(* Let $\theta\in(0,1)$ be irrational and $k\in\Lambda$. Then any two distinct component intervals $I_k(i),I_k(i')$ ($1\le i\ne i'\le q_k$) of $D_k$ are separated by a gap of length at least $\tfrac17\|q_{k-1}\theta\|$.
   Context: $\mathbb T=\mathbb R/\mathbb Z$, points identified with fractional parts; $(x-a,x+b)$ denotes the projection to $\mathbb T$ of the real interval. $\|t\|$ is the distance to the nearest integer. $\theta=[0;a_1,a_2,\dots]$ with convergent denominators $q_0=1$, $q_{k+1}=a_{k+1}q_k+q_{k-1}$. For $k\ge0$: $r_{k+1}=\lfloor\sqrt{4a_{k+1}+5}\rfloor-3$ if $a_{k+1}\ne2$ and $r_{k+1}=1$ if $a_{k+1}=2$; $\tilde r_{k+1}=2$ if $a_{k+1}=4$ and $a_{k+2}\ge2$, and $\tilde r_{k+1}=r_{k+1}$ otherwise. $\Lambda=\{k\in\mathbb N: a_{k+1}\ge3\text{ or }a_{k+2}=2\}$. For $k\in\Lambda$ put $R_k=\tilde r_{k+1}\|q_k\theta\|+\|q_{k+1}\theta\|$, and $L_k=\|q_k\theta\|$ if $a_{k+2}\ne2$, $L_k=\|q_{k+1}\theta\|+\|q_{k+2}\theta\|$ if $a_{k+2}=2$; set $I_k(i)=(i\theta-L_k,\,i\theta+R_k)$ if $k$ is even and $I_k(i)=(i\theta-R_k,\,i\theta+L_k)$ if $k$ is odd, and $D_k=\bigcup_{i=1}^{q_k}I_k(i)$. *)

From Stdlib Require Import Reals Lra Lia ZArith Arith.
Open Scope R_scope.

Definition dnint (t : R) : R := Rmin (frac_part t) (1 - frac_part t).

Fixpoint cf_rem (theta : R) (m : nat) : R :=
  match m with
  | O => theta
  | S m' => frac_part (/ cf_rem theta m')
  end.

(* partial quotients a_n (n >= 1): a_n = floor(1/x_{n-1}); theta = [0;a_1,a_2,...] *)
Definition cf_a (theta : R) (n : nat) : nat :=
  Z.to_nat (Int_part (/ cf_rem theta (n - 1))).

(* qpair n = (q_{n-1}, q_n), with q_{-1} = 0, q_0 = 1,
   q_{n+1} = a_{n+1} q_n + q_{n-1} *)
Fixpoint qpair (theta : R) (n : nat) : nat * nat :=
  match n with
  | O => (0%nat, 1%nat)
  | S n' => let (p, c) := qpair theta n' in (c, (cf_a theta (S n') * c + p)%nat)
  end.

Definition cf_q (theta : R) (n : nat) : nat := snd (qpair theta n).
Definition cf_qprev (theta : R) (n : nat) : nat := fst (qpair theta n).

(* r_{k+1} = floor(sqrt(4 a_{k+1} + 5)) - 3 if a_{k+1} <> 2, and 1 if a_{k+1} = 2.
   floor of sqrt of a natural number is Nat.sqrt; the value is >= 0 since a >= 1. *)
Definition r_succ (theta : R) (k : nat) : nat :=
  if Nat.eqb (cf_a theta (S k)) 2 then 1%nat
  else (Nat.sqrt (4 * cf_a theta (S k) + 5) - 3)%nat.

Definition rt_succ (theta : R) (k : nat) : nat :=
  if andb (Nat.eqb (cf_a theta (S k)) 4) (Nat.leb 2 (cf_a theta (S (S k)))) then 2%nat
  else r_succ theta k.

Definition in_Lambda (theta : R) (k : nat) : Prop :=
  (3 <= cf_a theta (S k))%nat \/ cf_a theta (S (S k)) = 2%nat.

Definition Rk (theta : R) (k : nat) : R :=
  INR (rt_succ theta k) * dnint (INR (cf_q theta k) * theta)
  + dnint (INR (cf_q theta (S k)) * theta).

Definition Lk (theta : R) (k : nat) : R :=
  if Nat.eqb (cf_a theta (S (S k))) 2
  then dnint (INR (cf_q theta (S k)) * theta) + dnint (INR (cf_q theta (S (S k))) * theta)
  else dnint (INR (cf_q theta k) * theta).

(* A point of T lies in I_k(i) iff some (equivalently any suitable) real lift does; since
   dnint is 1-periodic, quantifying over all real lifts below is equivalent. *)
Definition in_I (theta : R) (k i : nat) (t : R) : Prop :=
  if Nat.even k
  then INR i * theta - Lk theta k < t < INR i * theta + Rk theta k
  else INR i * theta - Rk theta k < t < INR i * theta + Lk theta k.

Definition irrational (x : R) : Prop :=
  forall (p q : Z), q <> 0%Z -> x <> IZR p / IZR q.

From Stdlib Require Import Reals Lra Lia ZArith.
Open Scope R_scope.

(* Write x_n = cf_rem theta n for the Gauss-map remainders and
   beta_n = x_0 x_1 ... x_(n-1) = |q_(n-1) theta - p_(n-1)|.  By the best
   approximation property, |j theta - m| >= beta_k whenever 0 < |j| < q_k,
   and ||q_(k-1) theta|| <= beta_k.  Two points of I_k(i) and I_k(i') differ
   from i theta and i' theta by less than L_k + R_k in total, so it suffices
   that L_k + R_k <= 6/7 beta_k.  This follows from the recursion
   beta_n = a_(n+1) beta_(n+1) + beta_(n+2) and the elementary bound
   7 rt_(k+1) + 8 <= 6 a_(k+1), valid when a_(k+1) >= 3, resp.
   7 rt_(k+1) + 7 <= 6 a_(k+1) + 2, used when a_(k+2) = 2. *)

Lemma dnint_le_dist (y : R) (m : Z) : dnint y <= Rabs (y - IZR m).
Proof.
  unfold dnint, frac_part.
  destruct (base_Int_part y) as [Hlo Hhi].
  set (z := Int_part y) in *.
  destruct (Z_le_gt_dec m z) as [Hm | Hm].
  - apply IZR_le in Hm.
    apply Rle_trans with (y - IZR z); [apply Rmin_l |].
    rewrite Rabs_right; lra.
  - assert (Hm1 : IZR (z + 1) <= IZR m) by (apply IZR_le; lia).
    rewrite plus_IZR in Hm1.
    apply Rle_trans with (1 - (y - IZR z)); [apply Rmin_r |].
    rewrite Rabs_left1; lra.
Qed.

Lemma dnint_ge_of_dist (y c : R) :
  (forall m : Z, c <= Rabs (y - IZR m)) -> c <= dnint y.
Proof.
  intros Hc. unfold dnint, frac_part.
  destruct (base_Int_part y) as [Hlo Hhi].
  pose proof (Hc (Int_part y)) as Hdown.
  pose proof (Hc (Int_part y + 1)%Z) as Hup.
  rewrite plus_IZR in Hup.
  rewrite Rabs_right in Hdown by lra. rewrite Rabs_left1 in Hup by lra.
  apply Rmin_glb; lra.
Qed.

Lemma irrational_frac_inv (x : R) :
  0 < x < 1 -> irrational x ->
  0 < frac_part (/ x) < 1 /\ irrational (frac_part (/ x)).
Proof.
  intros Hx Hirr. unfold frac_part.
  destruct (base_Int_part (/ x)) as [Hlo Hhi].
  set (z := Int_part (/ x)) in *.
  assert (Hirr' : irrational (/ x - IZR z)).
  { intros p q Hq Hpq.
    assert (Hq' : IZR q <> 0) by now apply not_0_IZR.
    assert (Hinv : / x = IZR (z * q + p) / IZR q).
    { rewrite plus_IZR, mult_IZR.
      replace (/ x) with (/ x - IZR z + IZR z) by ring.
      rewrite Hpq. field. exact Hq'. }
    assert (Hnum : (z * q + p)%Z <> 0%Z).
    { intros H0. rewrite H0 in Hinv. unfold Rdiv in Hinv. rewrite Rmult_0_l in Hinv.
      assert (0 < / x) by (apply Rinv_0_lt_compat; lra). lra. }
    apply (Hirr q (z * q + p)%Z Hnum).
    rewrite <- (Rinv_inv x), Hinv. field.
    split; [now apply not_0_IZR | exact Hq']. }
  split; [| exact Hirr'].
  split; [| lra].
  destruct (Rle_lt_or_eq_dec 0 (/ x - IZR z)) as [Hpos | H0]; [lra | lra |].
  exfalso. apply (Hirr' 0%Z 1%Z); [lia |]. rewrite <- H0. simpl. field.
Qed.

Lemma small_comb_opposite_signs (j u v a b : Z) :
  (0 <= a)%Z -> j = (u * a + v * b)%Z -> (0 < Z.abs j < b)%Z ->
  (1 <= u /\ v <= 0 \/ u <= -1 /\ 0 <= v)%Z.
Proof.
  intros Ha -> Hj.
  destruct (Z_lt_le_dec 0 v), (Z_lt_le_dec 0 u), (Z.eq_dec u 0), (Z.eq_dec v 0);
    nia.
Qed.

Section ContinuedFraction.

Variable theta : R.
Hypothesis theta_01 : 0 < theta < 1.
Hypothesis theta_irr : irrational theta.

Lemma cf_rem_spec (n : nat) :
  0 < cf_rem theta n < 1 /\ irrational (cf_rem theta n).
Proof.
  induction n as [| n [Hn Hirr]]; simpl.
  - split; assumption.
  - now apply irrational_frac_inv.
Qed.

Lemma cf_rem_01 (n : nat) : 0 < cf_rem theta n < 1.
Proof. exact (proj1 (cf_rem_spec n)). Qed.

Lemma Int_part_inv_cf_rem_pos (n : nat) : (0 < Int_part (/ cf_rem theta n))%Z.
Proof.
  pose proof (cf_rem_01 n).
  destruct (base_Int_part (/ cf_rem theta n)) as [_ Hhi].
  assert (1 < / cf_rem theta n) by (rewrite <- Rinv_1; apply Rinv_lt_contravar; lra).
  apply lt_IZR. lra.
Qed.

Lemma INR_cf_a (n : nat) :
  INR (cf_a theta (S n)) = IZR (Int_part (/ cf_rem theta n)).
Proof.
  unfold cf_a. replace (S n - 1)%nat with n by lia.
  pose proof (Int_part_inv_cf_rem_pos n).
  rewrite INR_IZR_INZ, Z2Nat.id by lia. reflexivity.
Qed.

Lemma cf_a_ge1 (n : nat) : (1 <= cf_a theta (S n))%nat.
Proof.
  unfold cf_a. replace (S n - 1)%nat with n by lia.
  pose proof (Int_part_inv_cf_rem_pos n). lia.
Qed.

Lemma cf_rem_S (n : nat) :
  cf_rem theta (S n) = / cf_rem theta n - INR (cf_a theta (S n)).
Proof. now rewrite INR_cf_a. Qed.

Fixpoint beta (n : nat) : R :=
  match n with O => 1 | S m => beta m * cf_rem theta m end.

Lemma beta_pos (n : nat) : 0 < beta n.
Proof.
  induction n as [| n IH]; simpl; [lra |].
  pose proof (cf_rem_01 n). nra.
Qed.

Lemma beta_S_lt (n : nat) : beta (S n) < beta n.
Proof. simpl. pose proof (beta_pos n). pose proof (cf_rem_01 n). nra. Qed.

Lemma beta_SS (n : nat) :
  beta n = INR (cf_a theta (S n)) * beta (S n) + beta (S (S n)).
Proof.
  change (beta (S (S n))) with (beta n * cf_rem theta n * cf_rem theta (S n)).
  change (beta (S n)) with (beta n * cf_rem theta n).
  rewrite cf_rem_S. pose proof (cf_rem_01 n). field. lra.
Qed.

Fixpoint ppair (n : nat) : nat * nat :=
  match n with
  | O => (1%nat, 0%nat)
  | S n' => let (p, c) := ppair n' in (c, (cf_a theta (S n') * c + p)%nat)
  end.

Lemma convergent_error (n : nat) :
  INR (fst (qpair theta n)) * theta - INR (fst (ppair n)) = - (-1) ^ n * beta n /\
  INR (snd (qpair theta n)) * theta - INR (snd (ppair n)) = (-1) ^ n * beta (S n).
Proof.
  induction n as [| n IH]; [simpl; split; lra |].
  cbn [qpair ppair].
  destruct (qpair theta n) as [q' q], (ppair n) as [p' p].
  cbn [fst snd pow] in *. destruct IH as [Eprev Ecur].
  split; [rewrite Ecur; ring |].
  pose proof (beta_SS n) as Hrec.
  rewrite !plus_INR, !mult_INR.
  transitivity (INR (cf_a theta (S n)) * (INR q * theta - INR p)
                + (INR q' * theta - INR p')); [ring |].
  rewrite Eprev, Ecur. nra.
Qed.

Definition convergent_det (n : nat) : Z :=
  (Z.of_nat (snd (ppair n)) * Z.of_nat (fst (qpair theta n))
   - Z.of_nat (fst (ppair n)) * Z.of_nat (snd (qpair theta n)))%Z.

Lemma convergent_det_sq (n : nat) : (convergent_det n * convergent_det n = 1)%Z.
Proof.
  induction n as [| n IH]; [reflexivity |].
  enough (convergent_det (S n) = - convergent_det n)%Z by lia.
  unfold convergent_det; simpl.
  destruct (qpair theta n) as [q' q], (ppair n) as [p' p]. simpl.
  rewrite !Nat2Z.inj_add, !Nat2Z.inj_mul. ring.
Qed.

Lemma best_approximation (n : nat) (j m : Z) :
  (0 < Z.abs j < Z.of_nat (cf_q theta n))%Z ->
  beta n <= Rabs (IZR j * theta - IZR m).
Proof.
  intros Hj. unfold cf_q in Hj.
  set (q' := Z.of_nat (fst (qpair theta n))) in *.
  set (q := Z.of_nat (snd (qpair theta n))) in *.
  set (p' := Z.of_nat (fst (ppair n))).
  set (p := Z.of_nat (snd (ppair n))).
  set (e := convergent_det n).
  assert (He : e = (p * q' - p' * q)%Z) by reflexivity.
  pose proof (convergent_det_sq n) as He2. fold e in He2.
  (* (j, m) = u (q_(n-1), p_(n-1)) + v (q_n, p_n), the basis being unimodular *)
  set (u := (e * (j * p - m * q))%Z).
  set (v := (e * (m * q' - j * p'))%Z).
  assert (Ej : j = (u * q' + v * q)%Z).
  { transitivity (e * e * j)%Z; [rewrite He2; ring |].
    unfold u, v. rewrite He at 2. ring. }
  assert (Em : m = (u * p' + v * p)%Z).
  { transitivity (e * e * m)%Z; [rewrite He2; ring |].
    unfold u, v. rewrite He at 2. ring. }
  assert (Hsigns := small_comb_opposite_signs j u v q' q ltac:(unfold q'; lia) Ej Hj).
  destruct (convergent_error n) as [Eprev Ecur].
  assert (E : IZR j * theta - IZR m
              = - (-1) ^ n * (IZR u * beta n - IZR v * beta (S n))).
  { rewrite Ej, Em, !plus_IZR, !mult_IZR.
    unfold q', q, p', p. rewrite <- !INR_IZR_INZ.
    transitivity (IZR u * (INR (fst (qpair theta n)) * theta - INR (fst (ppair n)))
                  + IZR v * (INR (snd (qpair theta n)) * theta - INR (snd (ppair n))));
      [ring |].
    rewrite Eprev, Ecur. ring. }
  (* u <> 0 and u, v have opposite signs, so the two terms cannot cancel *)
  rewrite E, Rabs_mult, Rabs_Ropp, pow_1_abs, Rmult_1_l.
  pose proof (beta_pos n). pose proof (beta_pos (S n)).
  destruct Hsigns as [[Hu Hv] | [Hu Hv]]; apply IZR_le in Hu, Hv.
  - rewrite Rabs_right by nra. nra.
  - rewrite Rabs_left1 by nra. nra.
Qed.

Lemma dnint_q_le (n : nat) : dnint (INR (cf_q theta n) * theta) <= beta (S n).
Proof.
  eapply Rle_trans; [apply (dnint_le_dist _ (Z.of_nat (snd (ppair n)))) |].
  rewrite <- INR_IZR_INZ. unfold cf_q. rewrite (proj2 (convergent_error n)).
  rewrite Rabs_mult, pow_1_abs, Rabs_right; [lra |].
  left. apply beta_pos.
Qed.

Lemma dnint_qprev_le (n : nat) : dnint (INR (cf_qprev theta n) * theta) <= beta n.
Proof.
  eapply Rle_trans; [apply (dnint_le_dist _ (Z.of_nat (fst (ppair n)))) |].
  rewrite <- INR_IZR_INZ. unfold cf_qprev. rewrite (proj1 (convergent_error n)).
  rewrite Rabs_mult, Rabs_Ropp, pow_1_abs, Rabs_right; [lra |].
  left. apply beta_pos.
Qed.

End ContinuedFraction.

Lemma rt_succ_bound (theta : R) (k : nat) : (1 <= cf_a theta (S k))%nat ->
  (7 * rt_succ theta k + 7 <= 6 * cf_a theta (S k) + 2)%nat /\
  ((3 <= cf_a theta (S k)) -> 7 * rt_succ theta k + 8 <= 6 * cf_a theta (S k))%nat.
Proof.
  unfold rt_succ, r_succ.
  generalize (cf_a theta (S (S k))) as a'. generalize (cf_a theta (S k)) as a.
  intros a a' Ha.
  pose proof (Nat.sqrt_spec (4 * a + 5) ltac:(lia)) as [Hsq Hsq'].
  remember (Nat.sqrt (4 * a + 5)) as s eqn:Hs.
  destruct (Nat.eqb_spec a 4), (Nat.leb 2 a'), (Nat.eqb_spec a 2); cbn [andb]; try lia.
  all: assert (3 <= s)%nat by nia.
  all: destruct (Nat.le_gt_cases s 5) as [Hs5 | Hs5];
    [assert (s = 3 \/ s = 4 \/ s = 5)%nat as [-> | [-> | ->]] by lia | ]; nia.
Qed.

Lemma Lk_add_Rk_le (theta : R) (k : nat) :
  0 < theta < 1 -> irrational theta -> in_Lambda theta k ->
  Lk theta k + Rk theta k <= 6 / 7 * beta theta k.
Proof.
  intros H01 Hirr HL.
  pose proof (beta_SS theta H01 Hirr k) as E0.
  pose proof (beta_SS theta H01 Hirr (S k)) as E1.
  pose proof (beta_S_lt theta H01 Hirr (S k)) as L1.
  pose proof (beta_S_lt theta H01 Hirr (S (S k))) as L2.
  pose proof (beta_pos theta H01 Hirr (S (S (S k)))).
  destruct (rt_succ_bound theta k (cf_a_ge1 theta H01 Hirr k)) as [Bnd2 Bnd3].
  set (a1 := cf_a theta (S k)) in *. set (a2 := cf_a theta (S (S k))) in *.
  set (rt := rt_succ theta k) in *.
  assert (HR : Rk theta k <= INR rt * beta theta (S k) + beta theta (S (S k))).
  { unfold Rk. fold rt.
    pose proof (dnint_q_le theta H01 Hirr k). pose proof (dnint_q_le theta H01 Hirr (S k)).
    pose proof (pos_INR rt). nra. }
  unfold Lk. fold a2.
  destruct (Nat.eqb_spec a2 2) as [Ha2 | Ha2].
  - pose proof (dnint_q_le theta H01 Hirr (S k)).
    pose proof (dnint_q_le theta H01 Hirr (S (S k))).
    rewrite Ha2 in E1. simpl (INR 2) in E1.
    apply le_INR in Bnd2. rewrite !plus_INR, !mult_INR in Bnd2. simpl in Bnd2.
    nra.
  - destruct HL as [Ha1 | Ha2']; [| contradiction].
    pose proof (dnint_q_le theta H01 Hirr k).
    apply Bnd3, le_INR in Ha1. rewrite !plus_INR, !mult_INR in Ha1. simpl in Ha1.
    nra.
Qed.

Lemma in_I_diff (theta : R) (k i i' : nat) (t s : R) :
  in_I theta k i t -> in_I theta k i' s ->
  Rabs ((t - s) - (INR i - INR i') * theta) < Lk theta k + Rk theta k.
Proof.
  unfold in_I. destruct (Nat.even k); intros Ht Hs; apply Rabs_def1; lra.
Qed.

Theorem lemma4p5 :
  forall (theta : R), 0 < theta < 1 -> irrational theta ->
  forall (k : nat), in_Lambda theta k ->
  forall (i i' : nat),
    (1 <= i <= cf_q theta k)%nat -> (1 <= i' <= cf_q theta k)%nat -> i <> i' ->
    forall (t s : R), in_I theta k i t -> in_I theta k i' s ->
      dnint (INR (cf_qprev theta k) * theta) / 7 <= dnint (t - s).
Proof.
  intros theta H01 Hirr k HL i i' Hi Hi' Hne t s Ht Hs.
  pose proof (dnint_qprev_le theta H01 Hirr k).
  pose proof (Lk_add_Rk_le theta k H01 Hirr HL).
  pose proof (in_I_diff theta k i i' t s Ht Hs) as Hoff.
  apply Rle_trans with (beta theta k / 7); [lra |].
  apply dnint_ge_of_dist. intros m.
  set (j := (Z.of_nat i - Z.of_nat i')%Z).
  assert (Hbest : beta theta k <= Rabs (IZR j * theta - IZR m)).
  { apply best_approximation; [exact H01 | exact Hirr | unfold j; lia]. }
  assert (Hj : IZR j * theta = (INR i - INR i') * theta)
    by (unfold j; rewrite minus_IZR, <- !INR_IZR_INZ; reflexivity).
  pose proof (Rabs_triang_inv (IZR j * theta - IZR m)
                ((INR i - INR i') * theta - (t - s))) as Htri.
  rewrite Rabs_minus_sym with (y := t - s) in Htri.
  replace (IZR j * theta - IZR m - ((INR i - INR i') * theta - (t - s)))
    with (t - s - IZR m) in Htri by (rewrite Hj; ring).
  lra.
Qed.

Activity
From the records above, copy out the line with "rewrite E, Rabs_mult, Rabs_Ropp, pow_1_abs, Rmult_1_l.", the line with "all: destruct (Nat.le_gt_cases", and every line between them, word for word.

Exercise output
  rewrite E, Rabs_mult, Rabs_Ropp, pow_1_abs, Rmult_1_l.
  pose proof (beta_pos n). pose proof (beta_pos (S n)).
  destruct Hsigns as [[Hu Hv] | [Hu Hv]]; apply IZR_le in Hu, Hv.
  - rewrite Rabs_right by nra. nra.
  - rewrite Rabs_left1 by nra. nra.
Qed.

Lemma dnint_q_le (n : nat) : dnint (INR (cf_q theta n) * theta) <= beta (S n).
Proof.
  eapply Rle_trans; [apply (dnint_le_dist _ (Z.of_nat (snd (ppair n)))) |].
  rewrite <- INR_IZR_INZ. unfold cf_q. rewrite (proj2 (convergent_error n)).
  rewrite Rabs_mult, pow_1_abs, Rabs_right; [lra |].
  left. apply beta_pos.
Qed.

Lemma dnint_qprev_le (n : nat) : dnint (INR (cf_qprev theta n) * theta) <= beta n.
Proof.
  eapply Rle_trans; [apply (dnint_le_dist _ (Z.of_nat (fst (ppair n)))) |].
  rewrite <- INR_IZR_INZ. unfold cf_qprev. rewrite (proj1 (convergent_error n)).
  rewrite Rabs_mult, Rabs_Ropp, pow_1_abs, Rabs_right; [lra |].
  left. apply beta_pos.
Qed.

End ContinuedFraction.

Lemma rt_succ_bound (theta : R) (k : nat) : (1 <= cf_a theta (S k))%nat ->
  (7 * rt_succ theta k + 7 <= 6 * cf_a theta (S k) + 2)%nat /\
  ((3 <= cf_a theta (S k)) -> 7 * rt_succ theta k + 8 <= 6 * cf_a theta (S k))%nat.
Proof.
  unfold rt_succ, r_succ.
  generalize (cf_a theta (S (S k))) as a'. generalize (cf_a theta (S k)) as a.
  intros a a' Ha.
  pose proof (Nat.sqrt_spec (4 * a + 5) ltac:(lia)) as [Hsq Hsq'].
  remember (Nat.sqrt (4 * a + 5)) as s eqn:Hs.
  destruct (Nat.eqb_spec a 4), (Nat.leb 2 a'), (Nat.eqb_spec a 2); cbn [andb]; try lia.
  all: assert (3 <= s)%nat by nia.
  all: destruct (Nat.le_gt_cases s 5) as [Hs5 | Hs5];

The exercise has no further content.